Em 1976, uma enchente provocou a morte de muitos Warao que ainda residiam próximo à instalação da barragem. Em 1990, um surto de cólera entre uma população que não contava com acesso à saúde básica. Em 2000, a falta de assistência governamental e um limitado acesso às necessidades básicas desaguaram num aumento de casos de AIDS entre os Warao.


As tentativas de dizimar o povo Warao foram diversas e, em alguns grupos familiares, se concretizou ao longo dos séculos.


Resistindo à fome, à falta de acesso à saúde básica, ao saneamento básico inexistente, à violência e à xenofobia, que atualmente dominam a economia venezuelana, os Warao permanecem lutando pela sobrevivência, cercados de vulnerabilidade e da certeza de que sua ancestralidade e memória precisam ser mantidas.


Venezuelanos presentes em Maceió. Fotos: Arthur Vieira


“Cheguei a passar de dois a três dias sem comer. Era muito sofrimento, não tinha como se alimentar bem, às vezes tinha como comprar e outras vezes não. Minha lembrança na Venezuela era de tristeza por não ter o que comer. Sobre isso eu me sinto melhor estando no Brasil, só sinto falta da minha família e me deixa triste também saber que estão passando fome lá”, diz Argenis ao relembrar da realidade vivida por ele e por tantos outros ainda na Venezuela.


Dados da Pesquisa Nacional de Condições de Vida (Encovi), produzida pelo Instituto de Investigações Econômicas e Sociais da Faculdade de Ciências Sociais da Universidade Católica Andrés Bello (IIES-UCAB), confirma o que conta Argenis, ao constatar que 96,2% dos venezuelanos vivem na pobreza e 79,3% na extrema pobreza.


Esperança em Alagoas


Boa Vista, Manaus, Belém, São Luís, Fortaleza, Natal, Campina Grande, Recife e Maceió. A sequência é facilmente reconhecida por qualquer um que está familiarizado com a geografia do Brasil ilustrada em mapas geográficos. É, certamente, um longo percurso. Esta foi a trajetória traçada por muitos indígenas Warao que saíram da Venezuela em busca de melhores condições de vida.

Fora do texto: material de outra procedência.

(* The forcing notion $Q_*$ is forcing equivalent to Sacks forcing.
   Context: Terms. Fix a set $X$ of variable symbols, each taking values in $\{0,1\}$. An $X$-term $t$ is given by a finite sequence of variables $(v_0,\dots,v_{l-1})$ ($l\ge0$) and a function $f:2^l\to2$; a variable $v$ is identified with the term $((v),\mathrm{id})$. An assignment is a function $a:X\to2$; it extends to terms by $t\circ a=f(v_0\circ a,\dots,v_{l-1}\circ a)$. A substitution $\phi$ maps each variable to an $X$-term; $t\circ\phi$ is obtained by replacing each variable $v$ in $t$ by $\phi(v)$, and for a family $\bar t=(t_i)$, $\bar t\circ\phi=(t_i\circ\phi)$. Terms are identified modulo $t=^*s$ iff $t\circ a=s\circ a$ for all assignments $a$. A term depends only on variables in $Y$ if it is $=^*$ to a term using only variables from $Y$. A term or variable $s$ is determined by terms $t_0,\dots,t_n$ if for all assignments $a,b$, $(t_i\circ a)_{i\le n}=(t_i\circ b)_{i\le n}$ implies $s\circ a=s\circ b$. Let $\tau(n,m)=n+\tfrac12(n+m)(n+m+1)$ and $(i,j)\unlhd(n,m)$ iff $\tau(i,j)\le\tau(n,m)$. With $X=\{x_{i,j}:i,j\in\omega\}$, $Q_*$ is the set of squares $\bar t=(t_{n,m})_{n,m\in\omega}$ of terms such that (1) $t_{n,m}$ depends only on variables $x_{i,j}$ with $(i,j)\unlhd(n,m)$, and (2) each $x_{i,j}$ is determined by finitely many $t_{n,m}$. An element $\phi\in Q_*$ is regarded as the substitution $x_{i,j}\mapsto\phi_{i,j}$; $\bar t\le\bar s$ iff there is $\phi\in Q_*$ with $\bar t=\bar s\circ\phi$. Sacks forcing is the set of perfect subtrees of $2^{<\omega}$ ordered by inclusion. *)

From Stdlib Require Import List.
From mathcomp Require Import all_boot.
Set Implicit Arguments. Unset Strict Implicit. Unset Printing Implicit Defensive.

(* A variable x_{i,j} is represented by the pair (i, j). *)
Definition var := (nat * nat)%type.

(* An X-term: a finite sequence of variables (v_0,...,v_{l-1}) together with a
   function f : 2^l -> 2.  f is given as a function on bit lists; only its
   values on lists of length l = size tvars are ever used. *)
Record term := Term { tvars : seq var; tfn : seq bool -> bool }.

Definition assignment := var -> bool.

Definition eval (t : term) (a : assignment) : bool := tfn t (map a (tvars t)).

(* a variable v is identified with the term ((v), id) *)
Definition var_term (v : var) : term := Term [:: v] (fun bs => head false bs).

Definition substitution := var -> term.

(* t o phi : replace each variable v_k of t by the term phi(v_k). *)
Definition subst (t : term) (phi : substitution) : term :=
  Term (flatten [seq tvars (phi v) | v <- tvars t])
       (fun bs => tfn t [seq tfn (phi vc.1) vc.2
                        | vc <- zip (tvars t)
                                 (reshape [seq size (tvars (phi v)) | v <- tvars t] bs)]).

Definition teq (t s : term) : Prop := forall a : assignment, eval t a = eval s a.

Definition depends_only_on (t : term) (Y : var -> Prop) : Prop :=
  exists s : term, (forall v, v \in tvars s -> Y v) /\ teq t s.

Definition determined_by (s : term) (ts : seq term) : Prop :=
  forall a b : assignment,
    (forall t, In t ts -> eval t a = eval t b) -> eval s a = eval s b.

Definition tau (n m : nat) : nat := n + ((n + m) * (n + m).+1) %/ 2.

Definition tri_le (ij nm : var) : Prop := tau ij.1 ij.2 <= tau nm.1 nm.2.

Definition square := nat -> nat -> term.

Definition in_Qstar (t : square) : Prop :=
  (forall n m, depends_only_on (t n m) (fun ij => tri_le ij (n, m))) /\
  (forall i j : nat, exists F : seq var,
      determined_by (var_term (i, j)) [seq t nm.1 nm.2 | nm <- F]).

Definition Qstar := { t : square | in_Qstar t }.

Definition sq_subst (phi : square) : substitution := fun v => phi v.1 v.2.

Definition Qstar_le (t s : Qstar) : Prop :=
  exists phi : Qstar, forall n m : nat,
    teq (proj1_sig t n m) (subst (proj1_sig s n m) (sq_subst (proj1_sig phi))).

Definition tree_set := seq bool -> Prop.

Definition perfect_tree (T : tree_set) : Prop :=
  T [::] /\
  (forall s t : seq bool, prefix s t -> T t -> T s) /\
  (forall s, T s -> exists t, prefix s t /\ T (rcons t false) /\ T (rcons t true)).

Definition Sacks := { T : tree_set | perfect_tree T }.

Definition Sacks_le (T S : Sacks) : Prop :=
  forall s, proj1_sig T s -> proj1_sig S s.

(* Regular open subsets of a preordered set (P, le): these form the Boolean
   completion RO(P), ordered by inclusion. *)
Definition regular_open (P : Type) (le : P -> P -> Prop) (A : P -> Prop) : Prop :=
  (forall p q, A p -> le q p -> A q) /\
  (forall p, (forall q, le q p -> exists r, le r q /\ A r) -> A p).

Definition set_sub (P : Type) (A B : P -> Prop) : Prop := forall p, A p -> B p.
Definition set_eq (P : Type) (A B : P -> Prop) : Prop := forall p, A p <-> B p.

(* P and Q are forcing equivalent iff their Boolean completions RO(P) and RO(Q)
   are isomorphic (as partial orders under inclusion, i.e. as complete Boolean
   algebras); isomorphism taken up to extensional equality of sets. *)
Definition forcing_equivalent (P Q : Type) (leP : P -> P -> Prop) (leQ : Q -> Q -> Prop)
  : Prop :=
  exists (f : (P -> Prop) -> (Q -> Prop)) (g : (Q -> Prop) -> (P -> Prop)),
    (forall A, regular_open leP A -> regular_open leQ (f A)) /\
    (forall B, regular_open leQ B -> regular_open leP (g B)) /\
    (forall A, regular_open leP A -> set_eq (g (f A)) A) /\
    (forall B, regular_open leQ B -> set_eq (f (g B)) B) /\
    (forall A1 A2, regular_open leP A1 -> regular_open leP A2 ->
       (set_sub A1 A2 <-> set_sub (f A1) (f A2))).

From mathcomp Require Import all_boot zify.
From Stdlib Require Import Classical ClassicalEpsilon FunctionalExtensionality.
Set Implicit Arguments. Unset Strict Implicit.

(* Enumerate the variables x_{i,j} along the Cantor pairing tau.  A square of Q_*
   is then a map F of Cantor space into itself whose k-th output bit depends only
   on the first k+1 input bits (condition (1)) and each input bit of which is
   recovered from finitely many output bits (condition (2)): a homeomorphism onto
   a closed set, whose range is the set of branches of a perfect tree.  Composition
   of substitutions is composition of maps, so t |-> (tree of range t) is monotone.
   Its image is dense: every perfect tree is the range of its canonical
   parametrization through its splitting nodes.  And it reflects compatibility:
   if range t1 is included in range t, the parametrization R of the tree of t1,
   with splitting nodes chosen so long that the first bits of R already suffice to
   decode the corresponding inputs of t and t1, factors as t o phi and t1 o phi1
   with phi, phi1 in Q_*.  A dense map with these properties induces an
   isomorphism of the regular open algebras. *)

Definition tri (s : nat) : nat := (s * s.+1) %/ 2.

Lemma triS s : tri s.+1 = tri s + s.+1.
Proof.
rewrite /tri; have -> : s.+1 * s.+2 = s.+1 * 2 + s * s.+1 by lia.
by rewrite divnMDl // addnC.
Qed.

Definition cantor (v : var) : nat := tau v.1 v.2.

Lemma tri_leE v w : tri_le v w = (cantor v <= cantor w). Proof. by []. Qed.

Lemma cantorE n m : cantor (n, m) = n + tri (n + m). Proof. by []. Qed.

(* The inverse of [cantor]: walk the antidiagonals n + m = const, from (0, m) to (m, 0). *)
Fixpoint uncantor (k : nat) : var :=
  if k is k'.+1 then
    let: (n, m) := uncantor k' in if m is m'.+1 then (n.+1, m') else (0, n.+1)
  else (0, 0).
(* Fix $\theta$ with $\phi(\theta)<\beta$ and fix $Q\in\{0,1\}$. Then $$\lim_{\tau\to\tau^\star(\theta)^+}u(s_1(\theta,\tau))=\lim_{\tau\to\tau^\star(\theta)^-}u(s_2(\theta,\tau)).$$
   Context: Setup. Let $Q\in\{0,1\}$ be a random variable with $\mathbb P(Q=1)=\pi\in(0,1)$, and let $(\Theta,\Gamma)$ be a real-valued random vector whose conditional joint density given $Q=1$ is $h_q$ and given $Q=0$ is $h_u$, both strictly positive on $\mathbb R^2$. Monotone likelihood ratio assumption: $l(\theta,\gamma)=h_q(\theta,\gamma)/h_u(\theta,\gamma)$ is continuous and strictly increasing in each of $\theta$ and $\gamma$, and for each $\theta$ the map $\gamma\mapsto l(\theta,\gamma)$ has infimum $0$ and supremum $+\infty$. Fix payoffs $x_q>0$, $x_u>0$. For $\tau\in(-x_u,x_q)$ let $A(\tau)=\mathbb 1\{l(\Theta,\Gamma)>\frac{(1-\pi)(x_u+\tau)}{\pi(x_q-\tau)}\}$, $s_1(\theta,\tau)=\mathbb E[Q\mid\Theta=\theta,A(\tau)=1]$, $s_2(\theta,\tau)=\mathbb E[A(\tau)\mid\Theta=\theta]$, $\phi(\theta)=\mathbb P(Q=1\mid\Theta=\theta)$. The equalizing prejudice $\tau^\star(\theta)$ is the unique $\tau\in(-x_u,x_q)$ with $s_1(\theta,\tau)=s_2(\theta,\tau)$. Regret. Fix a cutoff $c\in(-x_u,x_q)$ and let $\beta=(x_u+c)/(x_q+x_u)\in(0,1)$. For a score value $s\in[0,1]$ and a qualification value $Q\in\{0,1\}$ define $\mathcal N(s)=sx_q-(1-s)x_u$, $A'(s)=\mathbb 1\{\mathcal N(s)>c\}$ (i.e. $s>\beta$), $\mathcal P(s)=A'(s)(Qx_q-(1-Q)x_u)$, and the individual regret $u(s)=\mathcal N(s)-\mathcal P(s)$. For a fixed applicant $(\theta,Q)$, $u(s_k(\theta,\tau))$ is viewed as a function of $\tau\in(-x_u,x_q)$. *)

From HB Require Import structures.
From mathcomp Require Import all_boot all_order all_algebra.
From mathcomp Require Import all_classical all_reals all_analysis.
Set Implicit Arguments. Unset Strict Implicit. Unset Printing Implicit Defensive.
Import Order.TTheory GRing.Theory Num.Theory.
Import numFieldNormedType.Exports.
Local Open Scope classical_set_scope.
Local Open Scope ring_scope.
(* Let $m>a\geq0$, $n>b\geq0$ be integers. If there exists a regular erasure pattern $\mathcal{E}\subseteq[m]\times[n]$ that is not correctable in $T_{m\times n}(a,b,0)$, then for any non-negative integers $\delta,\gamma$ there exists a regular erasure pattern $\mathcal{E}'\subseteq[m+\delta]\times[n+\gamma]$ that is not correctable in $T_{(m+\delta)\times(n+\gamma)}(a+\delta,b+\gamma,0)$.
   Context: Positions of vectors in $\mathbb{F}^{mn}$ are identified with $[m]\times[n]$, $[k]=\{1,\dots,k\}$. For linear codes $\mathcal{C}_1\subseteq\mathbb{F}^m,\mathcal{C}_2\subseteq\mathbb{F}^n$, $\mathcal{C}_1\otimes\mathcal{C}_2$ is the row span of the Kronecker product of their generator matrices. A code for the topology $T_{m\times n}(a,b,0)$ is a linear code over a finite field $\mathbb{F}$ whose parity-check matrix is a parity-check matrix of $\mathcal{C}_{\mathsf{col}}\otimes\mathcal{C}_{\mathsf{row}}$, where $\mathcal{C}_{\mathsf{col}}$ is a linear $[m,\geq m-a]$ code and $\mathcal{C}_{\mathsf{row}}$ a linear $[n,\geq n-b]$ code over $\mathbb{F}$; $\mathbb{C}_{m\times n}(a,b,0)$ is the set of these codes (over any finite field). A code corrects an erasure pattern $\mathcal{E}$ if no two distinct codewords agree on all positions outside $\mathcal{E}$; $\mathcal{E}$ is correctable in $T_{m\times n}(a,b,0)$ if some code in $\mathbb{C}_{m\times n}(a,b,0)$ corrects it. An erasure pattern $\mathcal{E}\subseteq[m]\times[n]$ is regular (for $T_{m\times n}(a,b,0)$) if for all $\mathcal{U}\subseteq[m]$ with $|\mathcal{U}|=u\geq a$ and all $\mathcal{V}\subseteq[n]$ with $|\mathcal{V}|=v\geq b$ one has $|\mathcal{E}\cap(\mathcal{U}\times\mathcal{V})|\leq va+ub-ab$. *)

From HB Require Import structures.
From mathcomp Require Import all_boot all_order all_algebra all_field.
Set Implicit Arguments. Unset Strict Implicit. Unset Printing Implicit Defensive.
Import GRing.Theory.
Local Open Scope ring_scope.

(* Codewords of a code in F^{mn} are represented as m x n matrices, position
   (i,j) in [m] x [n].  For generator matrices G1 (of C_col, length m) and
   G2 (of C_row, length n), the rows of the Kronecker product G1 (x) G2 are the
   outer products g1^T g2, so C_col (x) C_row = { G1^T M G2 }. *)
Definition tensor_code (F : fieldType) (m n k1 k2 : nat)
  (G1 : 'M[F]_(k1, m)) (G2 : 'M[F]_(k2, n)) (X : 'M[F]_(m, n)) : Prop :=
  exists M : 'M[F]_(k1, k2), X = G1^T *m M *m G2.

Definition corrects (F : fieldType) (m n : nat) (C : 'M[F]_(m, n) -> Prop)
  (E : {set 'I_m * 'I_n}) : Prop :=
  forall X Y, C X -> C Y ->
    (forall (i : 'I_m) (j : 'I_n), (i, j) \notin E -> X i j = Y i j) -> X = Y.

Definition correctable (m n a b : nat) (E : {set 'I_m * 'I_n}) : Prop :=
  exists (F : finFieldType) (k1 k2 : nat)
         (G1 : 'M[F]_(k1, m)) (G2 : 'M[F]_(k2, n)),
    [/\ (m - a <= \rank G1)%N, (n - b <= \rank G2)%N
      & corrects (tensor_code G1 G2) E].

(* Regular erasure pattern.  Note: u >= a so u*b >= a*b and the truncated
   subtraction below is exact. *)
Definition regular (m n a b : nat) (E : {set 'I_m * 'I_n}) : Prop :=
  forall (U : {set 'I_m}) (V : {set 'I_n}),
    (a <= #|U|)%N -> (b <= #|V|)%N ->
    (#|E :&: setX U V| <= #|V| * a + #|U| * b - a * b)%N.

From HB Require Import structures.
From mathcomp Require Import all_boot all_order all_algebra all_field.
From mathcomp Require Import zify.
Set Implicit Arguments. Unset Strict Implicit. Unset Printing Implicit Defensive.

(* Pad E by erasing every position outside the top-left m x n block.

   Regularity says that every U x V with |U| >= a, |V| >= b contains at least
   (|U| - a)(|V| - b) unerased positions.  The unerased positions of U' x V' are
   those of U x V, where U, V are the traces of U', V' on the block, and
   |U'| - (a + d) <= |U| - a, |V'| - (b + g) <= |V| - b; so padding preserves
   regularity.

   If C1' (x) C2' corrected the padded pattern, then a nonzero codeword of C1'
   vanishing on the first m coordinates, tensored with a nonzero codeword of
   C2', would be a nonzero codeword supported on erased positions.  Hence
   puncturing C1' and C2' to the first m and n coordinates keeps their
   dimensions, and the punctured product code corrects E. *)


Section Padding.

Variables (m n d g : nat).

Definition corner_pos (p : 'I_m * 'I_n) : 'I_(m + d) * 'I_(n + g) :=
  (lshift d p.1, lshift g p.2).

Definition pad_erasures (E : {set 'I_m * 'I_n}) : {set 'I_(m + d) * 'I_(n + g)} :=
  ~: (corner_pos @: ~: E).

Lemma corner_pos_inj : injective corner_pos.
Proof. by move=> [i j] [i' j'] [/val_inj-> /val_inj->]. Qed.

Lemma mem_pad_corner E p : (corner_pos p \in pad_erasures E) = (p \in E).
Proof. by rewrite inE mem_imset ?inE ?negbK //; exact: corner_pos_inj. Qed.

Lemma pad_erasuresPn E x :
  x \notin pad_erasures E -> exists2 p, x = corner_pos p & p \notin E.
Proof. by rewrite inE negbK => /imsetP[p]; rewrite inE => Ep ->; exists p. Qed.

Lemma card_lshift_preim (U : {set 'I_(m + d)}) : #|U| <= #|lshift d @^-1: U| + d.
Proof.
set L := lshift d @: (lshift d @^-1: U); set R := @rshift m d @: [set: 'I_d].
have sub : U \subset L :|: R.
  apply/subsetP => x; rewrite in_setU; case: (split_ordP x) => [i -> Ui | k -> _].
    by rewrite mem_imset ?inE ?Ui //; exact: lshift_inj.
  by rewrite mem_imset ?inE ?orbT //; exact: rshift_inj.
rewrite (leq_trans (subset_leq_card sub)) // (leq_trans (leq_card_setU L R)) //.
by rewrite leq_add ?leq_imset_card // (leq_trans (leq_imset_card _ _)) // cardsT card_ord.
Qed.

Lemma card_pad_setX E (U : {set 'I_(m + d)}) (V : {set 'I_(n + g)}) :
  #|pad_erasures E :&: setX U V| + #|lshift d @^-1: U| * #|lshift g @^-1: V|
  <= #|E :&: setX (lshift d @^-1: U) (lshift g @^-1: V)| + #|U| * #|V|.
Proof.
set U0 := lshift d @^-1: U; set V0 := lshift g @^-1: V; set C := corner_pos @: setX U0 V0.
have sub_corner : C \subset setX U V.
  by apply/subsetP => _ /imsetP[[i j] + ->]; rewrite !inE.
have sub_pad : pad_erasures E :&: setX U V \subset
    corner_pos @: (E :&: setX U0 V0) :|: (setX U V :\: C).
  apply/subsetP => x; rewrite in_setI => /andP[Ex UVx].
  rewrite in_setU in_setD UVx andbT orbC.
  case: (boolP (x \in C)) => //= /imsetP[p UVp Dx]; rewrite Dx mem_pad_corner in Ex.
  by rewrite Dx mem_imset ?in_setI ?Ex //; exact: corner_pos_inj.
have card_C : #|C| = #|U0| * #|V0| by rewrite card_imset ?cardsX //; exact: corner_pos_inj.
rewrite -card_C -cardsX -(cardsID C (setX U V)) (setIidPr sub_corner).
rewrite addnCA addnC leq_add2l (leq_trans (subset_leq_card sub_pad)) //.
by rewrite (leq_trans (leq_card_setU _ _)) // leq_add2r leq_imset_card.
Qed.

End Padding.

Lemma leq_regular_bound a b u v x : a <= u -> b <= v ->
  (x <= v * a + u * b - a * b) = (x + (u - a) * (v - b) <= u * v).
Proof.
move=> /subnKC <- /subnKC <-; move: (u - a) (v - b) => p q.
by apply/idP/idP; nia.
Qed.

Lemma regularE m n a b (E : {set 'I_m * 'I_n}) :
  regular a b E <-> forall (U : {set 'I_m}) (V : {set 'I_n}),
    a <= #|U| -> b <= #|V| ->
    #|E :&: setX U V| + (#|U| - a) * (#|V| - b) <= #|U| * #|V|.
Proof.
split=> regE U V leU leV; have := regE U V leU leV; by rewrite leq_regular_bound.
Qed.

Lemma regular_pad m n a b d g (E : {set 'I_m * 'I_n}) :
  regular a b E -> regular (a + d) (b + g) (pad_erasures d g E).
Proof.
move/regularE=> regE; apply/regularE => U V leU leV.
set U0 := lshift d @^-1: U; set V0 := lshift g @^-1: V.
have card_pad : #|pad_erasures d g E :&: setX U V| + #|U0| * #|V0|
    <= #|E :&: setX U0 V0| + #|U| * #|V| := card_pad_setX E U V.
have leU0 : #|U| <= #|U0| + d := card_lshift_preim U.
have leV0 : #|V| <= #|V0| + g := card_lshift_preim V.
have le_a_U0 : a <= #|U0| by lia.
have le_b_V0 : b <= #|V0| by lia.
have regUV0 := regE U0 V0 le_a_U0 le_b_V0.
have : (#|U| - (a + d)) * (#|V| - (b + g)) <= (#|U0| - a) * (#|V0| - b).
  by apply: leq_mul; lia.
move: card_pad regUV0; set P := _ * (_ - b); set P' := _ * (_ - (b + g)).
set uv := #|U| * #|V|; set uv0 := #|U0| * #|V0|.
set e := #|pad_erasures _ _ _ :&: _|; set e0 := #|E :&: _|; lia.
Qed.

Import GRing.Theory.
Local Open Scope ring_scope.

Lemma mxrank_mul_injective (F : fieldType) k p q (A : 'M[F]_(k, p)) (f : 'M_(p, q)) :
  (forall w : 'rV_k, w *m A *m f = 0 -> w *m A = 0) -> \rank (A *m f) = \rank A.
Proof.
move=> injf; apply/mxrank_injP/rowV0P => v.
by rewrite sub_capmx => /andP[/submxP[w ->] /sub_kermxP]; exact: injf.
Qed.

Lemma mxrank_lsubmx_eq (F : fieldType) k p1 p2 (A : 'M[F]_(k, p1 + p2)) :
  (forall w : 'rV_k, w *m lsubmx A = 0 -> w *m A = 0) -> \rank (lsubmx A) = \rank A.
Proof.
have lsubE r (B : 'M[F]_(r, p1 + p2)) : lsubmx B = B *m lsubmx 1%:M.
  by rewrite mulmx_lsub mulmx1.
move=> inj_lsub; rewrite lsubE; apply: mxrank_mul_injective => w.
by rewrite -lsubE -mulmx_lsub; exact: inj_lsub.
Qed.

Section TensorCode.

Variables (F : fieldType) (k1 k2 m n : nat) (G1 : 'M[F]_(k1, m)) (G2 : 'M[F]_(k2, n)).

Lemma tensor_code_outer (u : 'rV_k1) (v : 'rV_k2) :
  tensor_code G1 G2 ((u *m G1)^T *m (v *m G2)).
Proof. by exists (u^T *m v); rewrite trmx_mul !mulmxA. Qed.

Lemma corrects_outer E (u : 'rV_k1) (v : 'rV_k2) :
  corrects (tensor_code G1 G2) E ->
  (forall i j, (i, j) \notin E -> (u *m G1) 0 i * (v *m G2) 0 j = 0) ->
  u *m G1 = 0 \/ v *m G2 = 0.
Proof.
move=> corrE outside_E.
have outer_entry i j : ((u *m G1)^T *m (v *m G2)) i j = (u *m G1) 0 i * (v *m G2) 0 j.
  by rewrite mxE big_ord1 mxE; exact: erefl.
have outer0 : (u *m G1)^T *m (v *m G2) = 0.
  apply: corrE (tensor_code_outer u v) _ _ => [|i j /outside_E uv0].
    by exists 0; rewrite mulmx0 mul0mx.
  by rewrite outer_entry uv0 mxE.
case: (eqVneq (u *m G1) 0) => [|/rV0Pn[i nz_ui]]; first by left.
case: (eqVneq (v *m G2) 0) => [|/rV0Pn[j nz_vj]]; first by right.
suff : (u *m G1)^T *m (v *m G2) != 0 by rewrite outer0 eqxx.
by apply/matrix0Pn; exists i, j; rewrite outer_entry mulf_neq0.
Qed.

End TensorCode.

Section Puncturing.

Variables (F : fieldType) (k1 k2 m n d g : nat).
Variables (G1 : 'M[F]_(k1, m + d)) (G2 : 'M[F]_(k2, n + g)) (E : {set 'I_m * 'I_n}).
Hypothesis corrE : corrects (tensor_code G1 G2) (pad_erasures d g E).

Lemma mxrank_lsubmx_padl : G2 != 0 -> \rank (lsubmx G1) = \rank G1.
Proof.
move=> /rowV0Pn[_ /submxP[v ->] nz_v]; apply: mxrank_lsubmx_eq => w w0.
have outside x y : (x, y) \notin pad_erasures d g E ->
    (w *m G1) 0 x * (v *m G2) 0 y = 0.
  case/pad_erasuresPn=> [[i j] [-> ->] _].
  have -> : (w *m G1) 0 (lshift d i) = (w *m lsubmx G1) 0 i by rewrite mulmx_lsub [RHS]mxE.
  by rewrite w0 [_ 0 i]mxE mul0r.
by case: (corrects_outer corrE outside) => // vG2_0; rewrite vG2_0 eqxx in nz_v.
Qed.

Lemma mxrank_lsubmx_padr : G1 != 0 -> \rank (lsubmx G2) = \rank G2.
Proof.
move=> /rowV0Pn[_ /submxP[u ->] nz_u]; apply: mxrank_lsubmx_eq => w w0.
have outside x y : (x, y) \notin pad_erasures d g E ->
    (u *m G1) 0 x * (w *m G2) 0 y = 0.
  case/pad_erasuresPn=> [[i j] [-> ->] _].
  have -> : (w *m G2) 0 (lshift g j) = (w *m lsubmx G2) 0 j by rewrite mulmx_lsub [RHS]mxE.
  by rewrite w0 [_ 0 j]mxE mulr0.
by case: (corrects_outer corrE outside) => // uG1_0; rewrite uG1_0 eqxx in nz_u.
Qed.

Lemma corrects_lsubmx : corrects (tensor_code (lsubmx G1) (lsubmx G2)) E.
Proof.
have ulsubE M : (lsubmx G1)^T *m M *m lsubmx G2 = ulsubmx (G1^T *m M *m G2).
  by rewrite trmx_lsub mul_usub_mx mulmx_lsub mul_usub_mx.
move=> _ _ [M ->] [N ->] agree; rewrite !ulsubE; congr ulsubmx.
apply: corrE; [by exists M | by exists N | move=> _ _ /pad_erasuresPn[[i j] [-> ->]]].
by move/agree; rewrite !ulsubE !mxE.
Qed.

End Puncturing.

Theorem lemma7 (m n a b : nat) :
  (a < m)%N -> (b < n)%N ->
  (exists E : {set 'I_m * 'I_n}, regular a b E /\ ~ correctable a b E) ->
  forall delta gamma : nat,
    exists E' : {set 'I_(m + delta) * 'I_(n + gamma)},
      regular (a + delta) (b + gamma) E' /\
      ~ correctable (a + delta) (b + gamma) E'.
Proof.
move=> lt_am lt_bn [E [regE not_corrE]] d g.
exists (pad_erasures d g E); split; first exact: regular_pad.
case=> F [k1 [k2 [G1 [G2 [rkG1 rkG2 corrE]]]]].
have nzG1 : G1 != 0 by apply: contraTneq rkG1 => ->; rewrite mxrank0; lia.
have nzG2 : G2 != 0 by apply: contraTneq rkG2 => ->; rewrite mxrank0; lia.
apply: not_corrE; exists F, k1, k2, (lsubmx G1), (lsubmx G2); split.
- by rewrite (mxrank_lsubmx_padl corrE nzG2); lia.
- by rewrite (mxrank_lsubmx_padr corrE nzG1); lia.
- exact: corrects_lsubmx.
Qed.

É unânime entre os migrantes que o percurso até cruzar a fronteira da Venezuela com o Brasil foi o que reuniu mais percalços. Muitos relatam uma longa caminhada de dias, sem acesso à comida, banho e com o consumo de água racionado e fracionado entre os migrantes que reuniam suas famílias na caminhada por uma vida de acesso às necessidades básicas.


“Nós andamos por dois dias até chegar na fronteira, viemos em 15 famílias e tinha muito medo em todo mundo. Sofremos muito’’, conta Argenis ao relembrar dos primeiros passos até chegar à Alagoas, passando por seis estados. Na chegada, mais sofrimento. Foram 5 dias dormindo nas ruas da capital alagoana, acompanhado de toda a família até conseguir abrigo.


Aníbal Perez, liderança indígena Warao. Foto: Arthur Vieira

Apesar da luta incansável, Aníbal conta que desistir nunca foi uma opção entre os migrantes. Para eles, a realidade de fome vivida diariamente na Venezuela assustava ainda mais do que o caminho árduo que faziam.


“A gente não tinha onde ficar, o transporte era muito caro e o alimento era difícil. Foi muita luta, mas sempre pensamos positivo porque tínhamos o sonho de viver com dignidade e autonomia”, disse a liderança indígena.